Abstract
The canonical Wnt signaling pathway controls normal embryonic development, cellular proliferation and growth, and its aberrant activity results in human carcinogenesis. The core component in regulation of this pathway is β-catenin, but molecular regulation mechanisms of β-catenin stability are not completely known. Here, our recent studies have shown that KCTD1 strongly inhibits TCF/LEF reporter activity. Moreover, KCTD1 interacted with β-catenin both in vivo by co-immunoprecipitation as well as in vitro through GST pull-down assays. We further mapped the interaction regions to the 1-9 armadillo repeats of β-catenin and the BTB domain of KCTD1, especially Position Ala-30 and His-33. Immunofluorescence analysis indicated that KCTD1 promotes the cytoplasmic accumulation of β-catenin. Furthermore, protein stability assays revealed that KCTD1 enhances the ubiquitination/degradation of β-catenin in a concentration-dependent manner in HeLa cells. And the degradation of β-catenin mediated by KCTD1 was alleviated by the proteasome inhibitor, MG132. In addition, KCTD1-mediated β-catenin degradation was dependent on casein kinase 1 (CK1)- and glycogen synthase kinase-3β (GSK-3β)-mediated phosphorylation and enhanced by the E3 ubiquitin ligase β-transducin repeat-containing protein (β-TrCP). Moreover, KCTD1 suppressed the expression of endogenous Wnt downstream genes and transcription factor AP-2α. Finally, we found that Wnt pathway member APC and tumor suppressor p53 influence KCTD1-mediated downregulation of β-catenin. These results suggest that KCTD1 functions as a novel inhibitor of Wnt signaling pathway.
Highlights
The canonical Wnt/b-catenin signaling is crucial for normal embryonic development, patterning, and its abnormal expression is associated with many forms of oncogenesis [1,2]

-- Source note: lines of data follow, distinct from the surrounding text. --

(* For a monoid $S$ the following are equivalent: (1) $S$ has the fem-property; (2) every $2$-generated $S$-act embeds into a monogenic $S$-act; (3) the free $S$-act $F_S(X)$ with $|X|=2$ embeds into a monogenic $S$-act; (4) $F_S(X)$ with $|X|=2$ embeds into $S$ (regarded as a right $S$-act); (5) there exist left cancellable elements $s,t\in S$ with $sS\cap tS=\emptyset$.
   Context: Let $S$ be a monoid. A (right) $S$-act is a set $A$ with a map $A\times S\to A$, $(a,s)\mapsto as$, such that $a1=a$ and $a(st)=(as)t$; $S$ is a right $S$-act under right multiplication. An $S$-act is monogenic if it equals $cS$ for some element $c$, $2$-generated if it equals $aS\cup bS$ for some $a,b$, and finitely generated if it is a union of finitely many monogenic subacts. An embedding is an injective $S$-morphism. For a set $X$, $F_S(X)$ is the free $S$-act on $X$: elements $xs$ ($x\in X$, $s\in S$) with $xs=yt$ iff $x=y$ and $s=t$, and action $(xs)t=x(st)$. $S$ has the fem-property if every finitely generated $S$-act embeds into a monogenic $S$-act. An element $s$ is left cancellable if $su=sv$ implies $u=v$. *)

From Stdlib Require Import List.
Import ListNotations.

Definition is_monoid {S : Type} (mul : S -> S -> S) (e : S) : Prop :=
  (forall s t u, mul s (mul t u) = mul (mul s t) u) /\
  (forall s, mul e s = s) /\ (forall s, mul s e = s).

Definition is_act {S : Type} (mul : S -> S -> S) (e : S)
  {A : Type} (act : A -> S -> A) : Prop :=
  (forall a, act a e = a) /\
  (forall a s t, act a (mul s t) = act (act a s) t).

Definition is_morphism {S A B : Type} (actA : A -> S -> A) (actB : B -> S -> B)
  (f : A -> B) : Prop :=
  forall a s, f (actA a s) = actB (f a) s.

Definition is_embedding {S A B : Type} (actA : A -> S -> A) (actB : B -> S -> B)
  (f : A -> B) : Prop :=
  is_morphism actA actB f /\ (forall a a', f a = f a' -> a = a').

Definition monogenic {S A : Type} (act : A -> S -> A) : Prop :=
  exists c : A, forall a : A, exists s : S, a = act c s.

Definition two_generated {S A : Type} (act : A -> S -> A) : Prop :=
  exists a b : A, forall x : A, exists s : S, x = act a s \/ x = act b s.

Definition finitely_generated {S A : Type} (act : A -> S -> A) : Prop :=
  exists l : list A, forall x : A, exists c, In c l /\ exists s : S, x = act c s.

Definition embeds_into_monogenic {S : Type} (mul : S -> S -> S) (e : S)
  {A : Type} (actA : A -> S -> A) : Prop :=
  exists (B : Type) (actB : B -> S -> B),
    is_act mul e actB /\ monogenic actB /\
    exists f : A -> B, is_embedding actA actB f.

Definition fem_property {S : Type} (mul : S -> S -> S) (e : S) : Prop :=
  forall (A : Type) (act : A -> S -> A),
    is_act mul e act -> finitely_generated act -> embeds_into_monogenic mul e act.

Definition free_act {S : Type} (mul : S -> S -> S) (X : Type)
  (p : X * S) (t : S) : X * S := (fst p, mul (snd p) t).

Definition regular_act {S : Type} (mul : S -> S -> S) : S -> S -> S := mul.

Definition left_cancellable {S : Type} (mul : S -> S -> S) (s : S) : Prop :=
  forall u v, mul s u = mul s v -> u = v.

(* If s and t are left cancellable with sS and tS disjoint, the elements
   t^i s x (i in N, x in S) are pairwise distinct and never equal 1, so S contains
   countably many disjoint copies t^i sS of the regular act.  Any act generated by
   c_0, c_1, ... is glued onto S by identifying t^i s x with c_i x; the result is
   generated by 1.  Conversely, if F_S({1,2}) embeds into cS, the images of the two
   free generators are c s and c t, and injectivity of the embedding says exactly
   that s and t are left cancellable with sS and tS disjoint. *)
From Stdlib Require Import List Classical ClassicalEpsilon ProofIrrelevance.

Section Monoid.
Variables (M : Type) (mul : M -> M -> M) (e : M).
Hypothesis mulA : forall s t u, mul s (mul t u) = mul (mul s t) u.
Hypothesis mul1s : forall s, mul e s = s.
Hypothesis muls1 : forall s, mul s e = s.

Definition disjoint_cancellable_pair : Prop :=
  exists s t : M, left_cancellable mul s /\ left_cancellable mul t /\
    (forall u v : M, mul s u <> mul t v).

Lemma regular_act_is_act : is_act mul e (regular_act mul).
Proof. split; [exact muls1 | exact mulA]. Qed.

Lemma regular_act_monogenic : monogenic (regular_act mul).
Proof. exists e; intros a; exists a; symmetry; apply mul1s. Qed.

Lemma free_act_is_act (X : Type) : is_act mul e (free_act mul X).
Proof.
  split.
  - intros [x a]; unfold free_act; simpl; rewrite muls1; reflexivity.
  - intros [x a] u v; unfold free_act; simpl; rewrite mulA; reflexivity.
Qed.

Lemma free_act_bool_two_generated : two_generated (free_act mul bool).
Proof.
  exists (true, e), (false, e); intros [[|] x]; exists x;
    unfold free_act; simpl; rewrite mul1s; auto.
Qed.

Lemma two_generated_finitely_generated (A : Type) (act : A -> M -> A) :
  two_generated act -> finitely_generated act.
Proof.
  intros [a [b Hab]]; exists (a :: b :: nil); intros x.
  destruct (Hab x) as [u [E | E]].
  - exists a; split; [left; reflexivity | exists u; exact E].
  - exists b; split; [right; left; reflexivity | exists u; exact E].
Qed.

Lemma embeds_into_regular_embeds_into_monogenic (A : Type) (act : A -> M -> A) :
  (exists f : A -> M, is_embedding act (regular_act mul) f) ->
  embeds_into_monogenic mul e act.
Proof.
  intros Hf; exists M, (regular_act mul).
  split; [exact regular_act_is_act | split; [exact regular_act_monogenic | exact Hf]].
Qed.

Lemma empty_embeds_into_monogenic (A : Type) (act : A -> M -> A) :
  (A -> False) -> embeds_into_monogenic mul e act.
Proof.
  intros HA; apply embeds_into_regular_embeds_into_monogenic.
  exists (fun a => False_rect M (HA a)); split; intros a; destruct (HA a).
Qed.

Lemma free_act_embedding_disjoint_cancellable_pair (B : Type) (actB : B -> M -> B) :
  is_act mul e actB -> monogenic actB ->
  (exists f, is_embedding (free_act mul bool) actB f) -> disjoint_cancellable_pair.
Proof.
  intros [_ actBA] [c Hc] [f [fM f_inj]].
  destruct (Hc (f (true, e))) as [s Es]; destruct (Hc (f (false, e))) as [t Et].
  set (g := fun b : bool => if b then s else t).
  assert (f_free : forall b x, f (b, x) = actB c (mul (g b) x)).
  { intros b x; rewrite actBA.
    replace (b, x) with (free_act mul bool (b, e) x)
      by (unfold free_act; simpl; rewrite mul1s; reflexivity).
    rewrite fM; destruct b; [rewrite Es | rewrite Et]; reflexivity. }
  assert (f_eq : forall b b' x y, mul (g b) x = mul (g b') y -> (b, x) = (b', y)).
  { intros b b' x y E; apply f_inj; rewrite !f_free, E; reflexivity. }
  exists s, t; split; [|split].
  - intros u v E; pose proof (f_eq true true u v E); congruence.
  - intros u v E; pose proof (f_eq false false u v E); congruence.
  - intros u v E; pose proof (f_eq true false u v E); congruence.
Qed.

Lemma disjoint_cancellable_pair_free_act_embedding :
  disjoint_cancellable_pair ->
  exists f : bool * M -> M, is_embedding (free_act mul bool) (regular_act mul) f.
Proof.
  intros [s [t [Hs [Ht Hd]]]].
  exists (fun p : bool * M => mul (if fst p then s else t) (snd p)); split.
  - intros [b x] y; unfold free_act, regular_act; simpl; apply mulA.
  - intros [[|] x] [[|] y]; simpl; intros E.
    + rewrite (Hs _ _ E); reflexivity.
    + destruct (Hd _ _ E).
    + destruct (Hd _ _ (eq_sym E)).
    + rewrite (Ht _ _ E); reflexivity.
Qed.

Section Gluing.
Variables (s t : M).
Hypothesis s_cancel : left_cancellable mul s.
Hypothesis t_cancel : left_cancellable mul t.
Hypothesis s_t_disjoint : forall u v : M, mul s u <> mul t v.

Fixpoint tpow (i : nat) : M := match i with 0 => e | S i => mul t (tpow i) end.

Definition code (i : nat) (x : M) : M := mul (tpow i) (mul s x).

Lemma code_S i x : code (S i) x = mul t (code i x).
Proof. unfold code; simpl; symmetry; apply mulA. Qed.

Lemma code_0 x : code 0 x = mul s x.
Proof. apply mul1s. Qed.

Lemma mul_code i x y : mul (code i x) y = code i (mul x y).
Proof. unfold code; rewrite <- !mulA; reflexivity. Qed.

Lemma code_inj i j x y : code i x = code j y -> i = j /\ x = y.
Proof.
  revert j; induction i as [|i IH]; intros [|j] E.
  - rewrite !code_0 in E; split; [reflexivity | exact (s_cancel _ _ E)].
  - rewrite code_0, code_S in E; destruct (s_t_disjoint _ _ E).
  - rewrite code_0, code_S in E; destruct (s_t_disjoint _ _ (eq_sym E)).
  - rewrite !code_S in E; destruct (IH _ (t_cancel _ _ E)) as [-> ->]; split; reflexivity.
Qed.

Lemma unit_neq_code i y : e <> code i y.
Proof.
  (* 1 = s y gives t = s (y t), and 1 = t z gives s = t (z s). *)
  intros E; destruct i as [|i].
  - rewrite code_0 in E.
    apply (s_t_disjoint (mul y t) e); rewrite mulA, <- E, mul1s, muls1; reflexivity.
  - rewrite code_S in E.
    apply (s_t_disjoint e (mul (code i y) s)); rewrite muls1, mulA, <- E, mul1s; reflexivity.
Qed.

Variables (A : Type) (act : A -> M -> A).
Hypothesis act_is_act : is_act mul e act.
Variable c : nat -> A.
Hypothesis c_generates : forall a, exists i x, a = act (c i) x.

Definition is_code (w : M) : Prop := exists p : nat * M, w = code (fst p) (snd p).

Definition glued : Type := (A + {w : M | ~ is_code w})%type.

Definition glue (w : M) : glued :=
  match excluded_middle_informative (is_code w) with
  | left H => let p := proj1_sig (constructive_indefinite_description _ H) in
              inl (act (c (fst p)) (snd p))
  | right H => inr (exist _ w H)
  end.

Lemma glue_code i x : glue (code i x) = inl (act (c i) x).
Proof.
  unfold glue; destruct excluded_middle_informative as [H | H].
  - destruct constructive_indefinite_description as [[i' x'] E]; simpl in *.
    destruct (code_inj _ _ _ _ E) as [-> ->]; reflexivity.
  - destruct H; exists (i, x); reflexivity.
Qed.

Lemma glue_not_code w (H : ~ is_code w) : glue w = inr (exist _ w H).
Proof.
  unfold glue; destruct excluded_middle_informative as [H' | H'].
  - destruct (H H').
  - do 2 f_equal; apply proof_irrelevance.
Qed.

Definition glued_act (b : glued) (x : M) : glued :=
  match b with
  | inl a => inl (act a x)
  | inr w => glue (mul (proj1_sig w) x)
  end.

Lemma glued_act_glue w x : glued_act (glue w) x = glue (mul w x).
Proof.
  destruct (classic (is_code w)) as [[[i y] E] | H].
  - simpl in E; subst w; rewrite glue_code, mul_code, glue_code; simpl.
    rewrite (proj2 act_is_act); reflexivity.
  - rewrite (glue_not_code w H); reflexivity.
Qed.

Lemma glued_act_is_act : is_act mul e glued_act.
Proof.
  destruct act_is_act as [act1 actA]; split.
  - intros [a | [w Hw]]; simpl.
    + rewrite act1; reflexivity.
    + rewrite muls1; apply glue_not_code.
  - intros [a | [w Hw]] x y; simpl.
    + rewrite actA; reflexivity.
    + rewrite glued_act_glue, mulA; reflexivity.
Qed.

Lemma unit_not_code : ~ is_code e.
Proof. intros [[i y] E]; exact (unit_neq_code _ _ E). Qed.

Lemma glued_act_monogenic : monogenic glued_act.
Proof.
  exists (inr (exist _ e unit_not_code)); intros [a | [w Hw]]; simpl.
  - destruct (c_generates a) as [i [x ->]].
    exists (code i x); rewrite mul1s, glue_code; reflexivity.
  - exists w; rewrite mul1s, (glue_not_code w Hw); reflexivity.
Qed.

Lemma countably_generated_embeds_into_monogenic : embeds_into_monogenic mul e act.
Proof.
  exists glued, glued_act; split; [exact glued_act_is_act|].
  split; [exact glued_act_monogenic|].
  exists inl; split.
  - intros a x; reflexivity.
  - intros a a' E; injection E; auto.
Qed.

End Gluing.

Lemma disjoint_cancellable_pair_fem : disjoint_cancellable_pair -> fem_property mul e.
Proof.
  intros [s [t [Hs [Ht Hd]]]] A act Hact [[|d l] Hl].
  - apply empty_embeds_into_monogenic; intros a; destruct (Hl a) as [? [[] _]].
  - apply (countably_generated_embeds_into_monogenic s t Hs Ht Hd A act Hact
             (fun i => nth i (d :: l) d)).
    intros a; destruct (Hl a) as [g [Hg [x E]]].
    destruct (In_nth _ _ d Hg) as [i [_ Ei]]; exists i, x; rewrite Ei; exact E.
Qed.

End Monoid.

Theorem mainTheorem4 (S : Type) (mul : S -> S -> S) (e : S)
  (HS : is_monoid mul e) :
  (fem_property mul e <->
   (forall (A : Type) (act : A -> S -> A),
      is_act mul e act -> two_generated act -> embeds_into_monogenic mul e act)) /\
  (fem_property mul e <-> embeds_into_monogenic mul e (free_act mul bool)) /\
  (fem_property mul e <->
   exists f : bool * S -> S, is_embedding (free_act mul bool) (regular_act mul) f) /\
  (fem_property mul e <->
   exists s t : S, left_cancellable mul s /\ left_cancellable mul t /\
     (forall u v : S, mul s u <> mul t v)).
Proof.
  destruct HS as [mulA [mul1s muls1]].
  assert (fem_two_generated : fem_property mul e ->
    forall (A : Type) (act : A -> S -> A),
      is_act mul e act -> two_generated act -> embeds_into_monogenic mul e act).
  { intros Hfem A act Hact H2; apply Hfem;
      [exact Hact | exact (two_generated_finitely_generated _ _ _ H2)]. }
  assert (two_generated_free : (forall (A : Type) (act : A -> S -> A),
      is_act mul e act -> two_generated act -> embeds_into_monogenic mul e act) ->
    embeds_into_monogenic mul e (free_act mul bool)).
  { intros H; apply H; [exact (free_act_is_act _ _ _ mulA muls1 bool)
                       | exact (free_act_bool_two_generated _ _ _ mul1s)]. }
  assert (free_pair : embeds_into_monogenic mul e (free_act mul bool) ->
    disjoint_cancellable_pair S mul).
  { intros [B [actB [HB [Hmono Hemb]]]];
      exact (free_act_embedding_disjoint_cancellable_pair _ _ _ mul1s _ _ HB Hmono Hemb). }
  pose proof (disjoint_cancellable_pair_fem _ _ _ mulA mul1s muls1) as pair_fem.
  pose proof (disjoint_cancellable_pair_free_act_embedding _ _ mulA) as pair_regular.
  pose proof (embeds_into_regular_embeds_into_monogenic _ _ _ mulA mul1s muls1 _
                (free_act mul bool)) as regular_free.
  unfold disjoint_cancellable_pair in *.
  repeat split; intros H; auto.
Qed.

We wondered whether the effect of human KCTD1 on Wnt signaling pathway, a TOPFLASH reporter construct containing seven copies of the TCF binding site was employed to report the activity of Wnt/b-catenin signaling
Five mutants of KCTD1 in SEN syndrome were constructed to identify critical amino acid residues of the BTB domain in KCTD1, we found that three KCTD1 mutants (P20S, H33P and P31R) still inhibited the TOPFLASH reporter activities to the same extent as wild-type KCTD1 did, but mutant KCTD1 with A30E or H33Q had no effect on the TOPFLASH reporter transcription activities as truncated KCTD1C did, indicating that alanine at position 30 and histidine at position 33 are critical amino acid residues of KCTD1 in the regulation of Wnt signaling
Summary
The canonical Wnt/b-catenin signaling is crucial for normal embryonic development, patterning, and its abnormal expression is associated with many forms of oncogenesis [1,2]. In the presence of Wnt ligands, the ligands bind to a Frizzled/LRP complex to activate the cytoplasmic protein Disheveled (Dvl) [3,4]. Dvl inhibits the activity of the destruction complex including CK1, axin, GSK-3b and APC, which phosphorylates b-catenin for ubiquitin-mediated proteasomal degradation. In the absence of Wnt ligands, cytoplasmic b-catenin is constitutively phosphorylated by CK1 and GSK-3b. Phosphorylated b-catenin is polyubiquitinated by E3 ubiquitin ligase b-TrCP and degraded by the 26 S proteasome [7,8]. Inappropriate activation of the Wnt pathway is observed in several human cancers, such as colorectal carcinoma, hepatocellular carcinoma, melanoma and ovarian cancer [9,10,11]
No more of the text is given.